EDIT: Figured i'd add a bit to explain when/where i've used DSPs even in the days of application processors.

A recent product i designed was doing audio processing with X channels of input and X channels of output per 'zone'. The intended use for the product meant that it would often times sit there doing its thing, processing the audio channels for years without anyone touching it. The audio processing consisted of various acoustical filters and functions. The system also was "hot plugable" with the ability to add some number of independent 'zones' all in one box. It was a total of 3 PCB designs (mainboard, a backplane and a plug in module) and the backplane supported 4 plug in modules. Quite a fun project as i was doing it solo, i got to do the system design, schematic, PCB layout and firmware.

Now i could have done the entire thing with an single bulky ARM core, i only needed about 50MIPS of DSP work on 24bit fixed point numbers per zone. But because i knew this system would operate for an extremely long time and knew it was critical that it never click or pop or anything like that. I chose to implement it with a low power DSP per zone and a single PIC microcontroller that played the system management role. This way even if one of the uC functions crashed, maybe a DDOS attack on its Ethernet port, the DSP would happily just keep chugging away and its likely no one would ever know.

So the microcontroller played the role of running the 2 line character LCD, some buttons, temperature monitoring and fan control (there were also some fairly high power audio amplifiers on each board) and even served an AJAX style web page via ethernet. It also managed the DSPs via a serial connection.

So thats a situation where even in the days where i could have used a single ARM core to do everything, the design dictated a dedicated signal processing IC.

Other areas where i've run into DSPs:

*High End audio - Very high end receivers and concert quality mixing and processing gear

*Radar Processing - I've also used ARM cores for this in low end apps.

*Sonar Processing

*Real time computer vision

For the most part, the low and mid ends of the audio/video/similar space have been taken over by application processors which combine a general purpose CPU with co-proc offload engines for various applications.

Let's do some math:

16 tracks * 44 ksample/s *2 channels *16 bit = 22.528 Mbps

This is the minimum speed you need for the SPI interface, if you want to transmit all the data through a single serial port. Can be done, with an adequate clock, but you need a fast SD card (see here for the speed).

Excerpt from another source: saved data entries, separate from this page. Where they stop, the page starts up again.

Lemma central_at_stable x M N j :
  in_central x M j -> in_central x N j -> central_at x M j = central_at x N j.
Proof.
have grow K d : in_central x K j ->
    in_central x (K + d) j /\ central_at x (K + d) j = central_at x K j.
  move=> HK; elim: d => [|d [Hd <-]]; first by rewrite addn0.
  by rewrite addnS; apply: in_centralS.
move=> HM HN; have [MN|NM] := leqP M N.
  by rewrite -(subnKC MN) (grow _ _ HM).2.
by rewrite -(subnKC (ltnW NM)) (grow _ _ HN).2.
Qed.

Lemma in_central_abs x j : in_central x (absz j) j.
Proof.
have := offset_ge x (absz j); have := size_morph_window_ge x (absz j).
have := size_central x (absz j); have [t [-> _]] := image_shape Hslp (x 0%R).
by rewrite /in_central /= => *; apply/andP; split; lia.
Qed.

Lemma window_image_point x M :
  window (image_point x) (- (offset x M)%:Z)%R (size (central x M)) = central x M.
Proof.
apply: (@eq_from_nth _ l); first by rewrite size_window.
move=> k; rewrite size_window => Hk.
rewrite /window (nth_map 0%N) ?size_iota // nth_iota // add0n /image_point.
have Hin : in_central x M (- (offset x M)%:Z + k%:Z)%R by apply/andP; split; lia.
by rewrite (central_at_stable (in_central_abs _ _) Hin) /central_at; congr nth; lia.
Qed.

Lemma imageY_image_point x : X x -> imageY X sigma (image_point x).
Proof.
move=> Xx; exists x; split=> //; exists 0%N; split.
  by have [t [-> _]] := image_shape Hslp (x 0%R).
exact: window_image_point.
Qed.

Lemma lang_image_preimage w : lang (imageY X sigma) w ->
  exists z p q, lang X z /\ mo z = p ++ w ++ q.
Proof.
case=> y [[x [Xx [k [Hk Wy]]]] [i Ew]].
set n := (absz i + size w)%N; set F := central x n; set d := absz (i + (k + offset x n)%:Z)%R.
have ge1 := offset_ge x n; have ge2 := size_morph_window_ge x n.
have := size_central x n; rewrite -/F => sF.
have eF : F = take d F ++ take (size w) (drop d F) ++ drop (size w) (drop d F).
  by rewrite !cat_take_drop.
have W : window y (- (k + offset x n)%:Z)%R (size F) = F by apply: Wy.
move: W; rewrite {1 2}eF => /window_infix.
rewrite size_takel; last by rewrite /d; lia.
rewrite size_takel; last by rewrite size_drop /d; lia.
have -> : (- (k + offset x n)%:Z + d%:Z = i)%R by rewrite /d; lia.
rewrite -Ew => Ew'.
exists (window x (- n%:Z)%R n.*2.+1), (take d F), (drop (size w) (drop d F)).
split; first by exists x; split=> //; exists (- n%:Z)%R; rewrite size_window.
by change (F = take d F ++ w ++ drop (size w) (drop d F)); rewrite {1}eF -Ew'.
Qed.

Hypothesis HX : shift_space X.

Lemma lang_morph_image z : lang X z -> lang (imageY X sigma) (mo z).
Proof.
case=> x0 [Xx0 [i E]]; have [x [Xx Ex]] := shift_space_shift HX i Xx0.
set m := size z in E.
have Ez : z = window x 0 m.
  by rewrite {1}E /window; apply: eq_map => k /=; rewrite Ex; congr x0; lia.
exists (image_point x); split; first exact: imageY_image_point.
exists 0%R; have := window_image_point x m.
have -> : central x m = mo (window x (- m%:Z)%R m) ++ mo z ++ sigma (x m%:Z%R).
  rewrite /central (_ : m.*2.+1 = m + (m + 1))%N; last lia.
  rewrite !window_cat !morph_cat window1 morph1 Ez.
  by congr (_ ++ mo (window x _ _) ++ sigma (x _)); lia.
by move/window_infix; rewrite /offset addNr.
Qed.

Then there is the microcontroller: you have to add 16 tracks and output them through a DAC, so you have 44*2 ksamples for each track, or

$$ 44 \cdot 10^{3} \cdot 2 \cdot 16 = 1408 \cdot 10^{3} $$

16-bit sums for every sample (probably with some scaling to avoid overflow) result in about 1.4 M operations/sec, that can be handled by a good 32-bit microcontroller. Probably a Cortex-M3, or better M4 (but M3 is probably better documented) can work for you.

I've just seen this which can be clocked up to 204 MHz, has 4 SPI interfaces, up to 40 MB/s, and has also a floating point unit that can help in the accumulation process (but may be too slow). You may also use the dual core structure to handle separately the processing and the output.

But for the DAC I think that you should go for an external converter, specifically designed for audio (which means 16 bit probably).

Update

It's not so clear how are you going to manage the 16 different tracks on the SD:

• what about pre-loading tracks on the internal memory of the MCU?

Check the I²S interface, which is a 4-wire serial protocol especially designed for audio applications.

Important question:

You said that you want also to record tracks and save them to the SD card: do you want to do that at the same time? You need the controller to encode the audio in WAV and store it, and the writing bandwith of the SD card is lower.

The looping feature WILL need some buffering memory (may also use the internal memory) because looping requires real time operation, and the SD card will introduce too much latency. You may need an external RAM, and you may also think about storing some data there to reduce delays.